YOUR GOAL -
Below are some records. Return exactly the lines from the one with "exact: integrableD_EFin int_bound2" to the one with "by rewrite Rintegral_edot_centered", and nothing else.

[Records from a data collection]
=====

Lemma Rintegral_edot m : \int[P]_w edot (X w) m = edot (expect_vec P X) m.
Proof.
rewrite Rintegral_sum => [|i]; last first.
  by under eq_fun do rewrite mulrC; exact: integrableZl_EFin (integrable_coord i).
apply: eq_bigr => i _; rewrite mxE -RintegralZr //; exact: integrable_coord.
Qed.

Lemma frechet_FE m : frechet_F act P X m = (\int[P]_w dQ2 act (X w) m)%:E.
Proof. by rewrite fineK //; exact: integrable_fin_num (integrable_dQ2 m). Qed.

Lemma cone_gap_gt0 m : (0 < P [set w | ~ Cone act m (X w)])%E ->
  0 < \int[P]_w (edot (X w - m) (X w - m) - dQ2 act (X w) m).
Proof.
move=> notCone_gt0; apply: Rintegral_gt0.
- exact: integrableB_EFin (integrable_edot_sub m) (integrable_dQ2 m).
- by move=> w; rewrite subr_ge0 dQ2_le_edot.
- suff -> : [set w | 0 < edot (X w - m) (X w - m) - dQ2 act (X w) m]
            = [set w | ~ Cone act m (X w)] by [].
  apply: eq_set => w; rewrite subr_gt0.
  by apply: propext; apply: iff_sym; exact: notCone_dQ2_lt.
Qed.

Local Notation t := (expect_vec P X).

Lemma Rintegral_edot_centered : \int[P]_w (edot (X w) t - edot t t) = 0.
Proof.
rewrite RintegralB ?integrable_edot ?integrable_cst //.
by rewrite Rintegral_edot Rintegral_cst1 subrr.
Qed.

Lemma Rintegral_dQ2_scale_le e :
  \int[P]_w dQ2 act (X w) ((1 + e) *: t) <=
  \int[P]_w dQ2 act (X w) t
  - e * \int[P]_w (edot (X w - t) (X w - t) - dQ2 act (X w) t) + e ^+ 2 * edot t t.
Proof.
pose gap w := edot (X w - t) (X w - t) - dQ2 act (X w) t.
pose drift w := edot (X w) t - edot t t.
have int_gap : integrable gap.
  exact: integrableB_EFin (integrable_edot_sub t) (integrable_dQ2 t).
have int_drift : integrable drift.
  exact: integrableB_EFin (integrable_edot t) (integrable_cst _).
pose bound w := dQ2 act (X w) t - e * gap w - 2 * e * drift w + e ^+ 2 * edot t t.
have int_bound1 : integrable (fun w => dQ2 act (X w) t - e * gap w).
  exact: integrableB_EFin (integrable_dQ2 t) (integrableZl_EFin e int_gap).
have int_bound2 : integrable (fun w => dQ2 act (X w) t - e * gap w - 2 * e * drift w).
  exact: integrableB_EFin int_bound1 (integrableZl_EFin (2 * e) int_drift).
have int_bound : integrable bound.
  exact: integrableD_EFin int_bound2 (integrable_cst (e ^+ 2 * edot t t)).
apply: le_trans (le_Rintegral measurableT (integrable_dQ2 _) int_bound _) _.
  by move=> w _; exact: (dQ2_scale_le act_iso).
rewrite (RintegralD measurableT int_bound2 (integrable_cst _)).
rewrite (RintegralB measurableT int_bound1 (integrableZl_EFin (2 * e) int_drift)).
rewrite (RintegralB measurableT (integrable_dQ2 t) (integrableZl_EFin e int_gap)).
rewrite !RintegralZl ?integrable_cst //.
by rewrite Rintegral_edot_centered Rintegral_cst1 mulr0 subr0.
Qed.

End FrechetVariance.

Theorem mainTheorem1 (R : realType) (n : nat) (gT : finGroupType)
  (act : gT -> 'rV[R]_n -> 'rV[R]_n)
  (d : measure_display) (T : measurableType d) (P : probability T R)
  (X : T -> 'rV[R]_n) :
  is_group_action act -> act_linear act -> act_isometric act -> act_effective act ->
  random_vector X -> law_abs_cont P X -> finite_second_moment P X ->
  regular_point act (expect_vec P X) ->
  (0 < P [set w | ~ Cone act (expect_vec P X) (X w)])%E ->
  ~ is_frechet_mean act P X (expect_vec P X).
Proof.
move=> act_group act_lin act_iso _ X_rv _ X_L2 _ notCone_gt0 t_mean.
set t := expect_vec P X in notCone_gt0 t_mean *.
have := cone_gap_gt0 act_group act_lin act_iso X_rv X_L2 notCone_gt0.
set kappa := \int[P]_w _ => kappa_gt0.
have [e e_gt0 e_small] : exists2 e, 0 < e & e * edot t t < kappa.
  exists (kappa / (edot t t + 1)); first by rewrite divr_gt0 // ltr_wpDl // edot_ge0.
  by rewrite mulrAC ltr_pdivrMr ?ltr_wpDl ?edot_ge0 // mulrDr mulr1 ltrDl.
have := t_mean ((1 + e) *: t); rewrite !frechet_FE // lee_fin.
have := Rintegral_dQ2_scale_le act_group act_lin act_iso X_rv X_L2 e.
rewrite -/kappa.
have : e * (e * edot t t) < e * kappa by rewrite ltr_pM2l.
rewrite expr2 -mulrA; lra.
Qed.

=====

SOLUTION TO THE EXERCISE -
  exact: integrableD_EFin int_bound2 (integrable_cst (e ^+ 2 * edot t t)).
apply: le_trans (le_Rintegral measurableT (integrable_dQ2 _) int_bound _) _.
  by move=> w _; exact: (dQ2_scale_le act_iso).
rewrite (RintegralD measurableT int_bound2 (integrable_cst _)).
rewrite (RintegralB measurableT int_bound1 (integrableZl_EFin (2 * e) int_drift)).
rewrite (RintegralB measurableT (integrable_dQ2 t) (integrableZl_EFin e int_gap)).
rewrite !RintegralZl ?integrable_cst //.
by rewrite Rintegral_edot_centered Rintegral_cst1 mulr0 subr0.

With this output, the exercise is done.